The proposed work includes the data extraction, pre-processing, feature extraction and the influential user interaction model is shown in Fig. 1. The first level includes data retrieved from the user timeline tweets. The second level includes the pre-processing and feature extraction. Tweets are pre-processed and the user list is generated to store the user information, both produce the processed tweets. From the processed tweets the hashtag is extracted in the feature extraction level. The third level includes the influential user interaction model, in which the user interest is classified into active and inactive user interaction. Based on the parameters of core interest and marginal interest, the influential and non-influential user interaction is identified respectively. Then the incidence matrix is used to identify the structure of user interaction from the user’s timeline. Tweet score is considered to find influential topics from the extracted tweets. Based on the influential topics and the influential users identified the top trending interested topics are analyzed.

Fig. 1.
figure 1

Overall Architecture of the Proposed System

3.1 Data Extraction

Social site information is not publically available, a password is required to collect data from the user. The Twitter platform provides various API, SDK for developing an application that is used to access the data and data retrieved from the social site’s Oauth account of Twitter API. Social Interaction data includes more active users among social media sites. Users retrieve the data which are connected or related to that particular user’s post. The information in the retrieved user data includes tweets, followers, Likes, retweets, etc. Twitter users can control photo tagging and sharing of their friend list with the public user can also share the status with specific people [22]. Collecting and analyzing such network sites data allows us to study the structure of the relationship between users in a social network.

3.2 Feature Extraction

The first step of feature extraction is pre-processing. Tweets are tokenized, stemmer and lemmatization applied and analyzed based on part of speech tag. Irrelevant content and URLs in the tweets are removed. From the extracted tweets the names of users who have shared the message on a specific topic of interest extracted. The extracted information is stored using a user’s list which contains the user’s names and their hashtag. The processed tweets retrieved from the user’s timeline via his/her hashtag by using the Twitter API. Features extracted from the user’s activities such as the sharing of information. The hashtag is extracted based on the user who shares their interest from the processed tweets.

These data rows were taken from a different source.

(* Let $q$ be a power of an odd prime $p$, let $L(x)$ be an $\mathbb{F}_q$-linearized polynomial, and let $C$ denote the curve $y^q-y=xL(x)$. Let $n\ge1$ and let $\ell$ be a prime with $\gcd(\ell,2p)=1$. If $\lambda_n(C)\neq 0$ and $\lambda_{n\ell}(C)\neq 0$, then $$\lambda_n(C)\equiv \lambda_{n\ell}(C)\, q^{\frac{n(\ell-1)+w_{n\ell}(C)-w_n(C)}{2}} \pmod{\ell}.$$
   Context: An $\mathbb{F}_q$-linearized polynomial is $L(x)=\sum_i c_i x^{q^i}$ with $c_i\in\mathbb{F}_q$. For $m\ge1$, let $Q_m(x)=\mathrm{Tr}_{\mathbb{F}_{q^m}/\mathbb{F}_q}(xL(x))$, a quadratic form over $\mathbb{F}_q$ on $\mathbb{F}_{q^m}$; its radical is $\{x\in\mathbb{F}_{q^m}: Q_m(x+y)-Q_m(x)-Q_m(y)=0\ \forall y\in\mathbb{F}_{q^m}\}$ and $w_m(C)$ denotes its $\mathbb{F}_q$-dimension. The sign $\lambda_m(C)\in\{-1,0,1\}$ is defined by $\#\{x\in\mathbb{F}_{q^m}:Q_m(x)=0\}=q^{m-1}+\lambda_m(C)(q-1)q^{\frac{m+w_m(C)}{2}-1}$; equivalently $\#C(\mathbb{F}_{q^m})=q^m+1+\lambda_m(C)(q-1)q^{\frac{m+w_m(C)}{2}}$. One has $\lambda_m(C)=0$ iff $m-w_m(C)$ is odd. *)

From HB Require Import structures.
From mathcomp Require Import all_boot all_order all_algebra all_field.
Set Implicit Arguments. Unset Strict Implicit. Unset Printing Implicit Defensive.
Import GRing.Theory.
Local Open Scope ring_scope.

(* Ambient finite field K (containing F_{q^m} for the relevant m).
   F_{q^m} is realised as the set of x in K with x^(q^m) = x. *)
Definition Fqm (K : finFieldType) (q m : nat) : {set K} :=
  [set x : K | x ^+ (q ^ m) == x].

Definition linpoly (K : finFieldType) (q : nat) (c : seq K) (x : K) : K :=
  \sum_(i < size c) c`_i * x ^+ (q ^ i).

(* Q_m(x) = Tr_{F_{q^m}/F_q}(x L(x)) = sum_{i<m} (x L(x))^(q^i). *)
Definition Qm (K : finFieldType) (q : nat) (c : seq K) (m : nat) (x : K) : K :=
  \sum_(i < m) (x * linpoly q c x) ^+ (q ^ i).

Definition radicalQ (K : finFieldType) (q : nat) (c : seq K) (m : nat) : {set K} :=
  [set x in Fqm K q m |
     [forall y in Fqm K q m, Qm q c m (x + y) - Qm q c m x - Qm q c m y == 0]].

Definition nzeros (K : finFieldType) (q : nat) (c : seq K) (m : nat) : nat :=
  #|[set x in Fqm K q m | Qm q c m x == 0]|.

(* w is the F_q-dimension of the radical: #radical = q^w. *)
Definition is_w (K : finFieldType) (q : nat) (c : seq K) (m w : nat) : Prop :=
  #|radicalQ q c m| = (q ^ w)%N.

Definition is_lambda (K : finFieldType) (q : nat) (c : seq K) (m w : nat)
    (lam : int) : Prop :=
  (lam \in [:: -1; 0; 1]) /\
  ((nzeros q c m)%:Z = (q ^ m.-1)%N%:Z
      + lam * (q.-1)%:Z * (q ^ ((m + w) %/ 2).-1)%N%:Z).

(* Let N_m(a) count the x in F_(q^m) with Q_(nl)(x) = a, for a in F_q.  The Frobenius
   x |-> x^(q^n) has order l on F_(q^(nl)), fixes exactly F_(q^n) and preserves Q_(nl),
   so N_(nl)(a) = N_n(a) mod l.  On F_(q^n), Q_(nl) = l Q_n has the same zeros as Q_n.
   Since Q_(nl) is quadratic, N_m(a) depends only on the square class of a != 0, so the
   total q^m and the zero count q^(m-1) + lambda (q-1) q^((m+w)/2-1) determine
   N_m(1) + N_m(nu) = 2 (q^(m-1) - lambda q^((m+w)/2-1)) for a non-square nu.  Comparing
   m = n with m = nl mod l, using q^(nl) = q^n mod l, gives the congruence.  That m + w
   is even when lambda != 0 follows from the second moment sum_a N_m(a)^2, computed
   through the polar form: otherwise q (q - 1) would be a perfect square. *)

From HB Require Import structures.
From mathcomp Require Import all_boot all_order all_algebra all_field all_fingroup all_solvable.
From mathcomp Require Import ring zify.
Set Implicit Arguments. Unset Strict Implicit. Unset Printing Implicit Defensive.
Import GRing.Theory Num.Theory.
Local Open Scope ring_scope.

3.3 User Interaction Model

Social members with similar features often connected than with more dissimilar ones. If there is any relationship between the members of the social group, there must be some common characteristics between those members which form a social relation. This basic idea leads to introduce the structure of the user interaction model. These characteristics are referred to as an influence. For example, in online social sites such as Twitter, Facebook, LinkedIn, etc., the certain influence is shown as the frequency with which friends tag each other based on common interests (movies, songs, books, etc.), in their posts. These influences suggest us how similar are the members of the social network [23]. Users are more willing to make friend with the one who has the same interest than the person who holds different attitudes [24].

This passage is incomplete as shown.